§ Task instructions
Copy out each line containing "then" from the entries below.

§ Information shown
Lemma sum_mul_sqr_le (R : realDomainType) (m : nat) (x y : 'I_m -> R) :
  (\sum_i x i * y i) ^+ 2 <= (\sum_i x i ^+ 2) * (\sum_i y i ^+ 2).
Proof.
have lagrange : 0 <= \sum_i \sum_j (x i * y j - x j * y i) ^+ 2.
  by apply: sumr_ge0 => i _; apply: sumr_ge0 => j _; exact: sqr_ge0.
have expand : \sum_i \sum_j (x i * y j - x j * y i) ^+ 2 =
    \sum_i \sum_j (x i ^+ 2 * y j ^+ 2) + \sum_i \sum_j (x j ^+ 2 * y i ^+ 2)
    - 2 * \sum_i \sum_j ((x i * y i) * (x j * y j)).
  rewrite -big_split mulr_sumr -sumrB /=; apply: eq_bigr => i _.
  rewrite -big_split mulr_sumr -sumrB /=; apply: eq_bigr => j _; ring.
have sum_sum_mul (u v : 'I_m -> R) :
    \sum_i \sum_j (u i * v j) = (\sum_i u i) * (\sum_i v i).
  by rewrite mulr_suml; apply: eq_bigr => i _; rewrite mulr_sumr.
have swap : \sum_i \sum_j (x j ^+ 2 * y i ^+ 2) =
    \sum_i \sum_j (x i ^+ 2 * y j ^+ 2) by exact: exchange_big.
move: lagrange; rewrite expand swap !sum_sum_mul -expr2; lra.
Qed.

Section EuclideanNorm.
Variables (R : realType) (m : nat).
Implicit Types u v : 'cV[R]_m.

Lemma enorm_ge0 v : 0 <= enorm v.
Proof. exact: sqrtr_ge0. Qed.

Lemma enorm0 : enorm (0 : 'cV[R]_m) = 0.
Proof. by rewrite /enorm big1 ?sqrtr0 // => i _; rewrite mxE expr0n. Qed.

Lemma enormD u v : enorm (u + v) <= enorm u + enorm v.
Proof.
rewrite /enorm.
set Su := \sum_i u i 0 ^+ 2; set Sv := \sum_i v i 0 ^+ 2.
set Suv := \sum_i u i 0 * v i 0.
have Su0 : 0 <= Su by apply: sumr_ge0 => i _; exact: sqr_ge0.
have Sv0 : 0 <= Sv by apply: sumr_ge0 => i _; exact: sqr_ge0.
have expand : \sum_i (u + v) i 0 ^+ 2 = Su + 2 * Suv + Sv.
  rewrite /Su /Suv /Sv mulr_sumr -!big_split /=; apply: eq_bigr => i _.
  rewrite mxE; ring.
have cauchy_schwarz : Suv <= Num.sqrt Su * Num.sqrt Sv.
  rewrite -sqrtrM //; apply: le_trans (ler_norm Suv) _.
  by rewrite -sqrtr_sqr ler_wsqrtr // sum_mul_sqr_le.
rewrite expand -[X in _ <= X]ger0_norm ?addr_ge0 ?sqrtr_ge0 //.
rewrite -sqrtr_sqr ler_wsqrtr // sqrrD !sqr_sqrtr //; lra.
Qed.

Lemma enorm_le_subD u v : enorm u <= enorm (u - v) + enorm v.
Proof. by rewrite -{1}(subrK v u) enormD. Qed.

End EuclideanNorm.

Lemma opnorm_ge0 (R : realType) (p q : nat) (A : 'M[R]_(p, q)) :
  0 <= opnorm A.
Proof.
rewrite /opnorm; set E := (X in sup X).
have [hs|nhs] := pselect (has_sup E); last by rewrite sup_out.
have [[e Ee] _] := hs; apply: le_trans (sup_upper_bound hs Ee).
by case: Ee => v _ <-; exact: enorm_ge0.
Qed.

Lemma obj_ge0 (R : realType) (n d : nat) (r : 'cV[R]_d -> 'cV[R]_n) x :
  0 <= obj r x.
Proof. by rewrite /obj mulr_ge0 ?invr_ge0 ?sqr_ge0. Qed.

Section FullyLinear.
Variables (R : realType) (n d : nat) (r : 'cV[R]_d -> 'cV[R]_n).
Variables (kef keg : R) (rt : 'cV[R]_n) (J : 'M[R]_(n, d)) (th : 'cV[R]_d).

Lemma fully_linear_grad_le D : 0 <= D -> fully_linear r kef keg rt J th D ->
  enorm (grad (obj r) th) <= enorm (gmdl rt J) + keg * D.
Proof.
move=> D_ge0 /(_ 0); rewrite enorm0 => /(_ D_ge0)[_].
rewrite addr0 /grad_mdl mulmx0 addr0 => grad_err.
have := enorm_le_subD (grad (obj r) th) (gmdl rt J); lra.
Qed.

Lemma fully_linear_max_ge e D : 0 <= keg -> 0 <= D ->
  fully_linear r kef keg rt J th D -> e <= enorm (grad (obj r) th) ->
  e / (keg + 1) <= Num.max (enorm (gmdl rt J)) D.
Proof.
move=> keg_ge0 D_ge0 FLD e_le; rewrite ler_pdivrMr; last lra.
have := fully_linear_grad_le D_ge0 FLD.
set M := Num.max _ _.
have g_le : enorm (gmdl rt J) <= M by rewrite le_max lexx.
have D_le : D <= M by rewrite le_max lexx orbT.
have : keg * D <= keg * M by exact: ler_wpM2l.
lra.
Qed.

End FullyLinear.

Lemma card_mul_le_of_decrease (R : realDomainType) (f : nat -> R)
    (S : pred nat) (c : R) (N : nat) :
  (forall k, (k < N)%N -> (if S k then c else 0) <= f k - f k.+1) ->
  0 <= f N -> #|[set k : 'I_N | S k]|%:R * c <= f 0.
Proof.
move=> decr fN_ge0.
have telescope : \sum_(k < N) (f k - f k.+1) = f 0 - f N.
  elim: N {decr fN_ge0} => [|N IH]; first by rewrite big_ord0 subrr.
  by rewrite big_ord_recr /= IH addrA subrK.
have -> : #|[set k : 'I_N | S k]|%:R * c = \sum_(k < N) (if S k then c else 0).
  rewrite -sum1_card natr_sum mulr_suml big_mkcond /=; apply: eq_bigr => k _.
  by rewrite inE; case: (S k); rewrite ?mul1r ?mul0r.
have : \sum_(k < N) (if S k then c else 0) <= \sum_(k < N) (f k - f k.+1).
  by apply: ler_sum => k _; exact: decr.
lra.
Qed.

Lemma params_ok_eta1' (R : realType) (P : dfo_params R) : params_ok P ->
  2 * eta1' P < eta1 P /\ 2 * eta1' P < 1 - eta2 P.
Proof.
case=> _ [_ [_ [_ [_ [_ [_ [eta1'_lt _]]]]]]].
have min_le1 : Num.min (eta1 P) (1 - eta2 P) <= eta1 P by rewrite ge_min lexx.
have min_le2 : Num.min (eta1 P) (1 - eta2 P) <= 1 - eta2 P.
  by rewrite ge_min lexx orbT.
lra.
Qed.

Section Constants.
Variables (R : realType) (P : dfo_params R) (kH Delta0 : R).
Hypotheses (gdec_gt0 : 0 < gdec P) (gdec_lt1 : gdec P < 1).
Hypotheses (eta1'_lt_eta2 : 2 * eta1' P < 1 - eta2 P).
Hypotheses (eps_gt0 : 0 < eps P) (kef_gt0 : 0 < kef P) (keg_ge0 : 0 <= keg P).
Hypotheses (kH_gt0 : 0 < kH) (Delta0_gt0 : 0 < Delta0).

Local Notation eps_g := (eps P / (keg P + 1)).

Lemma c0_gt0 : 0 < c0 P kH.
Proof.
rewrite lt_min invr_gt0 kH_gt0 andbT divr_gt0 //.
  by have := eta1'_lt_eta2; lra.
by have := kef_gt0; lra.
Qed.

§ Reply to the exercise
  (forall k, (k < N)%N -> (if S k then c else 0) <= f k - f k.+1) ->
have -> : #|[set k : 'I_N | S k]|%:R * c = \sum_(k < N) (if S k then c else 0).
have : \sum_(k < N) (if S k then c else 0) <= \sum_(k < N) (f k - f k.+1).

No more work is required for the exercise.